Approved by CE & RoHS certificates.
Electricity is generated by hydraulic mechanism."


I wonder what mecahnism they use to generate the power & if it really is
as bright as the marketing pictures depict!


No doubt they will make a few dollars out of it!




You could in theory have a shower head that delivered 50 watts or so of
electrical power from the pressure drop.




Yeah you could but how would you do it in a consumer product flogged for
$10.

Found a video here, doesn't look as bright as in the advert:
http://www.youtube.com/watch?v=gG1ZDpPA5l4

In an apartment, where the water is free, one could use such a device
to generate some of their electrical need. Wasting much free water, of
course. But folks do that all the time these days.
 
On a sunny day (Fri, 01 Feb 2013 10:39:08 +0800) it happened Dennis
<none@null.net.au> wrote in <i5edndP9R5Ytt5bMnZ2dnUVZ_vmdnZ2d@westnet.com.au>:

Saw this advert - shower head with LEDs to illuminate the water stream,
coulour indicates temperature.

http://www.coolproductsusa.com/shop/led-shower-head-with-temperature-sensor/?fb_action_ids=3921615035746&fb_action_types=og.like
s&fb_source=hovercard&fb_aggregation_id=246965925417366


Supposedly without batteries or external power.
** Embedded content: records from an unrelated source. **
Lemma mrank_contract_delete_setU1 (Y : {set E}) : i \notin Y ->
  mrank N' Y + mrank N [set i] = mrank N (i |: Y).
Proof.
move=> Y'i; have cardIU1 B : #|B :&: (i |: Y)| = (i \in B) + #|B :&: Y|.
  by rewrite setIC cardsU1I // setIC.
rewrite mrank1; have [exN | loop] := boolP [exists B in N, i \in B].
  have /exists_inP[C NC Ci] := exN; have N'E := contract_delete_nonloop exN.
  apply/eqP; rewrite eqn_leq; apply/andP; split.
    have [B] := mrank_witness Y (bases_neq0 matN').
    rewrite {1}N'E inE => /andP[NB Bi] ->.
    by rewrite (leq_trans _ (leq_card_mrank _ NB)) // cardIU1 Bi addnC.
  have [B NB /andP[Bi le]] := exists_basis_in_mrank matN (setU11 i Y) NC Ci.
  by rewrite (leq_trans le) // cardIU1 Bi addnC leq_add2r leq_card_mrank // N'E inE NB.
have -> : mrank N (i |: Y) = mrank N Y.
  have /exists_inPn N'i := loop.
  by apply: eq_bigr => B /N'i B'i; rewrite cardIU1 (negbTE B'i).
apply/eqP; rewrite addn0 eqn_leq mrank_contract_delete_notin //=.
rewrite {1}(contract_delete_loop loop).
by apply: leq_mrank_subset => B; rewrite inE => /andP[].
Qed.

End ContractionDeletion.

Import GRing.Theory Order.TTheory.
Local Open Scope ring_scope.

Definition indv_step (E : finType) (u : {ffun E -> int}) : Prop :=
  exists J : {set E}, u = indv J \/ u = - indv J.
(* Let $d\geq 1$, let $\delta$ be a sufficiently small positive real number, let $P$ be a large positive integer, and let $1\leq q\leq P^{\delta}$, $1\leq a\leq q$ be integers with $(a,q)=1$. For $\alpha\in\mathfrak{M}(q,a)$, writing $\alpha=a/q+\beta$, we have $$F(\alpha)=q^{-2d-1}S(q,a)I(\beta)+O(P^{2d+2\delta}).$$
   Context: For an integer $d\geq 1$ define $f_d$: if $d=2k$ ($k\geq1$), $f_d(x_1,\ldots,x_d)=\prod_{i=1}^{k}(x_{2i-1}^2+x_{2i}^2)$; if $d=2k+1$ ($k\geq 0$), $f_d(x_1,\ldots,x_d)=x_1\prod_{i=1}^{k}(x_{2i}^2+x_{2i+1}^2)$. Let $f(x_1,\ldots,x_{2d+1})=f_d(x_1,\ldots,x_d)+f_d(x_{d+1},\ldots,x_{2d})-x_{2d+1}^d$. Let $e(\alpha)=e^{2\pi i\alpha}$, $B=\{1,\ldots,P\}^{2d+1}$, $F(\alpha)=\sum_{{\bf x}\in B}e(\alpha f({\bf x}))$, $\mathfrak{M}(q,a)=\{\alpha\in\mathbb{R}:|\alpha-a/q|\leq P^{\delta-d}\}$, $S(q,a)=\sum_{{\bf z}\bmod q}e\left(\frac{a}{q}f({\bf z})\right)$ (sum over ${\bf z}\in\{1,\ldots,q\}^{2d+1}$), and $I(\beta)=\int_{[0,P]^{2d+1}}e(\beta f(\xi))\,d\xi$. The implied constant in $O$ depends at most on $d$. *)

From Stdlib Require Import Reals Arith.
From Coquelicot Require Import Coquelicot.
Open Scope R_scope.

(* Vectors are functions nat -> R, with coordinates x_1, ..., x_n at indices 1..n. *)
Definition upd (x : nat -> R) (k : nat) (v : R) : nat -> R :=
  fun i => if Nat.eqb i k then v else x i.

Fixpoint pairprod (x : nat -> R) (o : nat) (k : nat) : R :=
  match k with
  | O => 1
  | S j => pairprod x o j * ((x (o + 2 * k - 1)%nat) ^ 2 + (x (o + 2 * k)%nat) ^ 2)
  end.

(* f_d(x_{o+1}, ..., x_{o+d}) *)
Definition fd (d : nat) (x : nat -> R) (o : nat) : R :=
  if Nat.even d then pairprod x o (Nat.div2 d)
  else x (o + 1)%nat * pairprod x (o + 1) (Nat.div2 d).

Definition f (d : nat) (x : nat -> R) : R :=
  fd d x 0 + fd d x d - (x (2 * d + 1)%nat) ^ d.

Definition e (t : R) : C := (cos (2 * PI * t), sin (2 * PI * t)).

Fixpoint csum1 (N : nat) (h : nat -> C) : C :=
  match N with
  | O => RtoC 0
  | S m => Cplus (csum1 m h) (h (S m))
  end.

Fixpoint boxsum (n N : nat) (g : (nat -> R) -> C) : C :=
  match n with
  | O => g (fun _ => 0)
  | S m => csum1 N (fun t => boxsum m N (fun x => g (upd x (S m) (INR t))))
  end.

Fixpoint boxint (n : nat) (P : R) (g : (nat -> R) -> R) : R :=
  match n with
  | O => g (fun _ => 0)
  | S m => RInt (fun t => boxint m P (fun x => g (upd x (S m) t))) 0 P
  end.

Definition F (d P : nat) (alpha : R) : C :=
  boxsum (2 * d + 1) P (fun x => e (alpha * f d x)).

(* S(q,a) = sum_{z mod q} e(a/q f(z)), z in {1..q}^{2d+1} *)
Definition Sqa (d q a : nat) : C :=
  boxsum (2 * d + 1) q (fun z => e (INR a / INR q * f d z)).

Definition I (d P : nat) (beta : R) : C :=
  (boxint (2 * d + 1) (INR P) (fun xi => cos (2 * PI * (beta * f d xi))),
   boxint (2 * d + 1) (INR P) (fun xi => sin (2 * PI * (beta * f d xi)))).

(* Write alpha = a/q + beta, so that e(alpha f(x)) = e(a f(x) / q) e(beta f(x)).  Since f has
   integer coefficients, the first factor only depends on x modulo q; the second varies slowly:
   on [0,P]^(2d+1) it is Lipschitz in each coordinate with constant O(|beta| P^(d-1)) = O(P^(delta-1)).
   Summing one coordinate at a time, each complete block of q consecutive values of the slow
   factor may be replaced by its mean over an interval of length q at a cost O(q P^(delta-1)) per
   term, and the incomplete last block costs O(q).  Induction over the 2d+1 coordinates gives
   the error O(q P^(2d) (P^delta + 1)) = O(P^(2d+2 delta)). *)

From Pilot Require Import Defs.
From Stdlib Require Import Reals Arith Lia Lra ZArith FunctionalExtensionality.
From Coquelicot Require Import Coquelicot.
Open Scope R_scope.

Lemma upd_same x k v : upd x k v k = v.
Proof. unfold upd. now rewrite Nat.eqb_refl. Qed.

Lemma upd_other x k v i : i <> k -> upd x k v i = x i.
Proof. intro Hik. unfold upd. now destruct (Nat.eqb_spec i k). Qed.

Lemma upd_upd x k v w : upd (upd x k v) k w = upd x k w.
Proof. apply functional_extensionality; intro i. unfold upd. now destruct (Nat.eqb i k). Qed.

Lemma upd_comm x i k a b : i <> k -> upd (upd x i a) k b = upd (upd x k b) i a.
Proof.
  intro Hik. apply functional_extensionality; intro j. unfold upd.
  destruct (Nat.eqb_spec j k), (Nat.eqb_spec j i); subst; auto; lia.
Qed.

(** * Lipschitz functions on the box [0,P]^n and their iterated integrals *)

Definition in_box (P : R) (x : nat -> R) : Prop := forall i, 0 <= x i <= P.

Definition box_lipschitz (P L : R) (g : (nat -> R) -> R) : Prop :=
  forall x i s, in_box P x -> 0 <= s <= P -> Rabs (g (upd x i s) - g x) <= L * Rabs (s - x i).

Definition box_bounded (P M : R) (g : (nat -> R) -> R) : Prop :=
  forall x, in_box P x -> Rabs (g x) <= M.

Lemma in_box_upd P x k t : in_box P x -> 0 <= t <= P -> in_box P (upd x k t).
Proof. intros Hx Ht i. unfold upd. now destruct (Nat.eqb i k). Qed.

Lemma box_lipschitz_upd P L g k t :
  0 <= L -> 0 <= t <= P -> box_lipschitz P L g -> box_lipschitz P L (fun x => g (upd x k t)).
Proof.
  intros HL Ht Hg x i s Hx Hs.
  destruct (Nat.eq_dec i k) as [->|Hik].
  - rewrite upd_upd, Rminus_eq_0, Rabs_R0.
    apply Rmult_le_pos; [exact HL | apply Rabs_pos].
  - rewrite upd_comm by exact Hik.
    rewrite <- (upd_other x k t i Hik). apply Hg; [apply in_box_upd|]; assumption.
Qed.

Lemma box_lipschitz_coord P L g x k t t' :
  box_lipschitz P L g -> in_box P x -> 0 <= t <= P -> 0 <= t' <= P ->
  Rabs (g (upd x k t) - g (upd x k t')) <= L * Rabs (t - t').
Proof.
  intros Hg Hx Ht Ht'.
  rewrite <- (upd_upd x k t' t). rewrite <- (upd_same x k t') at 3.
  apply Hg; [apply in_box_upd|]; assumption.
Qed.

Lemma lipschitz_continuous (v : R -> R) K :
  (forall s t, Rabs (v s - v t) <= K * Rabs (s - t)) -> forall x, continuous v x.
Proof.
  intros Hv x. apply filterlim_locally. intros eps.
  assert (HK : 0 < Rabs K + 1) by (pose proof (Rabs_pos K); lra).
  assert (Hd : 0 < eps / (Rabs K + 1)) by (apply Rdiv_lt_0_compat; [apply cond_pos | lra]).
  exists (mkposreal _ Hd). intros y Hy.
  change (Rabs (y - x) < eps / (Rabs K + 1)) in Hy. change (Rabs (v y - v x) < eps).
  apply Rle_lt_trans with ((Rabs K + 1) * Rabs (y - x)).
  - eapply Rle_trans; [apply Hv|]. apply Rmult_le_compat_r; [apply Rabs_pos|].
    pose proof (Rle_abs K); lra.
  - apply (Rmult_lt_compat_l (Rabs K + 1)) in Hy; [|lra].
    replace ((Rabs K + 1) * (eps / (Rabs K + 1))) with (pos eps) in Hy by (field; lra).
    exact Hy.
Qed.

Definition clamp (P t : R) : R := Rmax 0 (Rmin P t).

Lemma clamp_id P t : 0 <= t <= P -> clamp P t = t.
Proof. intros. unfold clamp, Rmax, Rmin. repeat destruct Rle_dec; lra. Qed.

Lemma clamp_range P t : 0 <= P -> 0 <= clamp P t <= P.
Proof. intros. unfold clamp, Rmax, Rmin. repeat destruct Rle_dec; lra. Qed.

Lemma clamp_1lipschitz P s t : 0 <= P -> Rabs (clamp P s - clamp P t) <= Rabs (s - t).
Proof. intros. unfold clamp, Rmax, Rmin. repeat destruct Rle_dec; split_Rabs; lra. Qed.

(* A Lipschitz function on [0,P] need not be continuous at 0 and P as a function on R;
   its composite with [clamp P] is, and agrees with it on [0,P]. *)
Lemma ex_RInt_lipschitz (u : R -> R) K P a b :
  (forall s t, 0 <= s <= P -> 0 <= t <= P -> Rabs (u s - u t) <= K * Rabs (s - t)) ->
  0 <= a -> a <= b -> b <= P -> ex_RInt u a b.
Proof.
  intros Hu Ha Hab Hb.
  apply (ex_RInt_ext (fun t => u (clamp P t))).
  - intros t Ht. rewrite Rmin_left, Rmax_right in Ht by lra. rewrite clamp_id; lra.
  - apply (@ex_RInt_continuous R_CompleteNormedModule). intros z _.
    apply (lipschitz_continuous _ (Rabs K)). intros s t.
    eapply Rle_trans; [apply Hu; apply clamp_range; lra|].
    eapply Rle_trans; [apply Rmult_le_compat_r; [apply Rabs_pos | apply Rle_abs]|].
    apply Rmult_le_compat_l; [apply Rabs_pos | apply clamp_1lipschitz; lra].
Qed.

Lemma Rabs_inv_mul_le k u e : 0 < k -> Rabs u <= k * e -> Rabs (/ k * u) <= e.
Proof.
  intros Hk Hu. rewrite Rabs_mult, Rabs_inv, (Rabs_pos_eq k) by lra.
  apply (Rmult_le_reg_l k); [exact Hk|]. rewrite <- Rmult_assoc, Rinv_r, Rmult_1_l by lra. exact Hu.
Qed.

Lemma RInt_Rminus (u v : R -> R) a b : ex_RInt u a b -> ex_RInt v a b ->
  RInt (fun t => u t - v t) a b = RInt u a b - RInt v a b.
Proof. intros Hu Hv. exact (RInt_minus u v a b Hu Hv). Qed.

Lemma boxint_diff_le m : forall P L1 L2 eps g1 g2, 0 <= P -> 0 <= L1 -> 0 <= L2 ->
  box_lipschitz P L1 g1 -> box_lipschitz P L2 g2 ->
  (forall x, in_box P x -> Rabs (g1 x - g2 x) <= eps) ->
  Rabs (boxint m P g1 - boxint m P g2) <= P ^ m * eps.
Proof.
  induction m as [|m IH]; intros P L1 L2 eps g1 g2 HP HL1 HL2 Hg1 Hg2 Heps; simpl.
  - rewrite Rmult_1_l. apply Heps. intro; lra.
  - set (slice g t := boxint m P (fun x => g (upd x (S m) t))).
    assert (Hex : forall g L, 0 <= L -> box_lipschitz P L g -> ex_RInt (slice g) 0 P).
    { intros g L HL Hg. apply (ex_RInt_lipschitz _ (P ^ m * L) P); try lra.
      intros s t Hs Ht. rewrite Rmult_assoc. unfold slice.
      apply (IH P L L); auto using box_lipschitz_upd.
      intros x Hx. apply (box_lipschitz_coord P L); assumption. }
    change (Rabs (RInt (slice g1) 0 P - RInt (slice g2) 0 P) <= P * P ^ m * eps).
    rewrite <- RInt_Rminus by eauto.
    replace (P * P ^ m * eps) with ((P - 0) * (P ^ m * eps)) by ring.
    apply abs_RInt_le_const; [lra | apply (@ex_RInt_minus R_NormedModule); eauto |].
    intros t Ht. apply (IH P L1 L2); auto using box_lipschitz_upd.
    intros x Hx. apply Heps, in_box_upd; assumption.
Qed.

Lemma boxint_zero m P : boxint m P (fun _ => 0) = 0.
Proof.
  induction m as [|m IH]; simpl; [reflexivity|].
  rewrite (RInt_ext _ (fun _ => 0)) by (intros; apply IH).
  rewrite RInt_const. apply Rmult_0_r.
Qed.

Lemma boxint_abs_le m P L M g : 0 <= P -> 0 <= L ->
  box_lipschitz P L g -> box_bounded P M g -> Rabs (boxint m P g) <= P ^ m * M.
Proof.
  intros HP HL Hg HM.
  replace (boxint m P g) with (boxint m P g - boxint m P (fun _ => 0)) by (rewrite boxint_zero; ring).
  apply (boxint_diff_le m P L 0); auto; try lra.
  - intros x i s _ _. rewrite Rminus_eq_0, Rabs_R0. lra.
  - intros x Hx. rewrite Rminus_0_r. auto.
Qed.

Fixpoint rsum1 (N : nat) (u : nat -> R) : R :=
  match N with O => 0 | S m => rsum1 m u + u (S m) end.

Fixpoint rboxsum (n N : nat) (g : (nat -> R) -> R) : R :=
  match n with
  | O => g (fun _ => 0)
  | S m => rsum1 N (fun t => rboxsum m N (fun x => g (upd x (S m) (INR t))))
  end.

Lemma rsum1_ext N u v : (forall t, (1 <= t <= N)%nat -> u t = v t) -> rsum1 N u = rsum1 N v.
Proof.
  induction N as [|N IH]; intros Huv; simpl; [reflexivity|].
  rewrite IH by (intros; apply Huv; lia). rewrite Huv by lia. reflexivity.
Qed.

Lemma rsum1_plus N u v : rsum1 N (fun t => u t + v t) = rsum1 N u + rsum1 N v.
Proof. induction N as [|N IH]; simpl; [ring | rewrite IH; ring]. Qed.

Lemma rsum1_minus N u v : rsum1 N (fun t => u t - v t) = rsum1 N u - rsum1 N v.
Proof. induction N as [|N IH]; simpl; [ring | rewrite IH; ring]. Qed.

Lemma rsum1_scal N c u : rsum1 N (fun t => c * u t) = c * rsum1 N u.
Proof. induction N as [|N IH]; simpl; [ring | rewrite IH; ring]. Qed.

Lemma rsum1_abs_le N u M :
  (forall t, (1 <= t <= N)%nat -> Rabs (u t) <= M) -> Rabs (rsum1 N u) <= INR N * M.
Proof.
  induction N as [|N IH]; intros Hu.
  - simpl. rewrite Rabs_R0. lra.
  - change (rsum1 (S N) u) with (rsum1 N u + u (S N)). rewrite S_INR.
    eapply Rle_trans; [apply Rabs_triang|].
    assert (Rabs (rsum1 N u) <= INR N * M) by (apply IH; intros; apply Hu; lia).
    assert (Rabs (u (S N)) <= M) by (apply Hu; lia).
    lra.
Qed.

Lemma rsum1_split M k u : rsum1 (M + k) u = rsum1 M u + rsum1 k (fun s => u (M + s)%nat).
Proof.
  induction k as [|k IH]; simpl; [rewrite Nat.add_0_r; ring|].
  rewrite Nat.add_succ_r. simpl. rewrite IH. ring.
Qed.

Lemma csum1_fst N h : fst (csum1 N h) = rsum1 N (fun t => fst (h t)).
Proof. induction N as [|N IH]; simpl; [reflexivity | now rewrite IH]. Qed.

Lemma csum1_snd N h : snd (csum1 N h) = rsum1 N (fun t => snd (h t)).
Proof. induction N as [|N IH]; simpl; [reflexivity | now rewrite IH]. Qed.

Lemma boxsum_fst n N g : fst (boxsum n N g) = rboxsum n N (fun x => fst (g x)).
Proof.
  revert g; induction n as [|n IH]; intros g; simpl; [reflexivity|].
  rewrite csum1_fst. apply rsum1_ext. intros. apply IH.
Qed.
(* Let $D=pq$ with $p\neq q$ odd primes, let $r$ be a positive integer with $2rD$ square-free, and let $d$ be a (possibly negative) integer with $d\mid rD$. Let $C_d$ be the curve $W^2=d+\frac{8rD}{d}Z^4$. Then: (1) $C_d(\mathbb{Q}_2)\neq\emptyset$ if and only if $d\equiv1\pmod 8$; (2) for any prime $t\mid \frac{rD}{d}$, $C_d(\mathbb{Q}_t)\neq\emptyset$ if and only if $\left(\frac{d}{t}\right)=1$; (3) for any prime $l\mid d$, $C_d(\mathbb{Q}_l)\neq\emptyset$ if and only if $\left(\frac{2rD/d}{l}\right)=1$.
   Context: $\left(\frac{\cdot}{\cdot}\right)$ denotes the Legendre symbol; $C_d(\mathbb{Q}_v)$ denotes the set of $\mathbb{Q}_v$-points $(Z,W)$ of the affine curve. *)

From HB Require Import structures.
From mathcomp Require Import all_boot all_order all_algebra.
Set Implicit Arguments. Unset Strict Implicit. Unset Printing Implicit Defensive.
Import Order.TTheory GRing.Theory Num.Theory.
Local Open Scope ring_scope.

Definition squarefree (n : nat) : Prop :=
  forall t : nat, prime t -> (logn t n <= 1)%N.

Definition legendre (a : int) (l : nat) : int :=
  if (l%:Z %| a)%Z then 0
  else if [exists x : 'I_l, ((x%:Z) ^+ 2 == a %[mod l%:Z])%Z] then 1 else -1.

(* p-adic integers as compatible sequences of integer residues:
   x represents the element lim x n, with x n.+1 = x n mod p^n. *)
Definition padic_int (p : nat) (x : nat -> int) : Prop :=
  forall n : nat, (x n.+1 = x n %[mod (p%:Z) ^+ n])%Z.

Definition padic_eq (p : nat) (x y : nat -> int) : Prop :=
  forall n : nat, (x n = y n %[mod (p%:Z) ^+ n])%Z.

(* C(Q_p) != empty for the affine curve  W^2 = d + c Z^4  (d, c integers).
   Every element of Q_p is z / p^a with z in Z_p; writing Z = z/p^a,
   W = w/p^b and clearing the (nonzero) denominator p^(4a+2b), the equation
   becomes  w^2 p^(4a) = d p^(4a+2b) + c z^4 p^(2b)  in Z_p. *)
Definition has_Qp_point (p : nat) (d c : int) : Prop :=
  exists (a b : nat) (z w : nat -> int),
    padic_int p z /\ padic_int p w /\
    padic_eq p (fun n => w n ^+ 2 * (p%:Z) ^+ (4 * a))
               (fun n => d * (p%:Z) ^+ (4 * a + 2 * b)
                         + c * z n ^+ 4 * (p%:Z) ^+ (2 * b)).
"No batteries and external power supply needed.
The color change tells you the water temperature.
Bright LED light.
Approved by CE & RoHS certificates.
Electricity is generated by hydraulic mechanism."


I wonder what mecahnism they use to generate the power & if it really is
as bright as the marketing pictures depict!


No doubt they will make a few dollars out of it!
Probably some rotating turbine generator
Water pressure can do that, pity water is expensive here,
else it could replace my power company...
 
On 1/02/2013 2:30 AM, Michael A. Terrell wrote:
Spehro Pefhany wrote:

On Thu, 31 Jan 2013 16:53:54 +1100, "Phil Allison" <phil_a@tpg.com.au
wrote:


"Paul Hovnanian P.E."

TO-92 package

markings:

"650"
"B24"

** Two legs or three?


... Phil


Three legs good, two legs better.


Have you ever sat on a two legged stool? :)

If my stools had legs I'd be off to the doctor very quickly.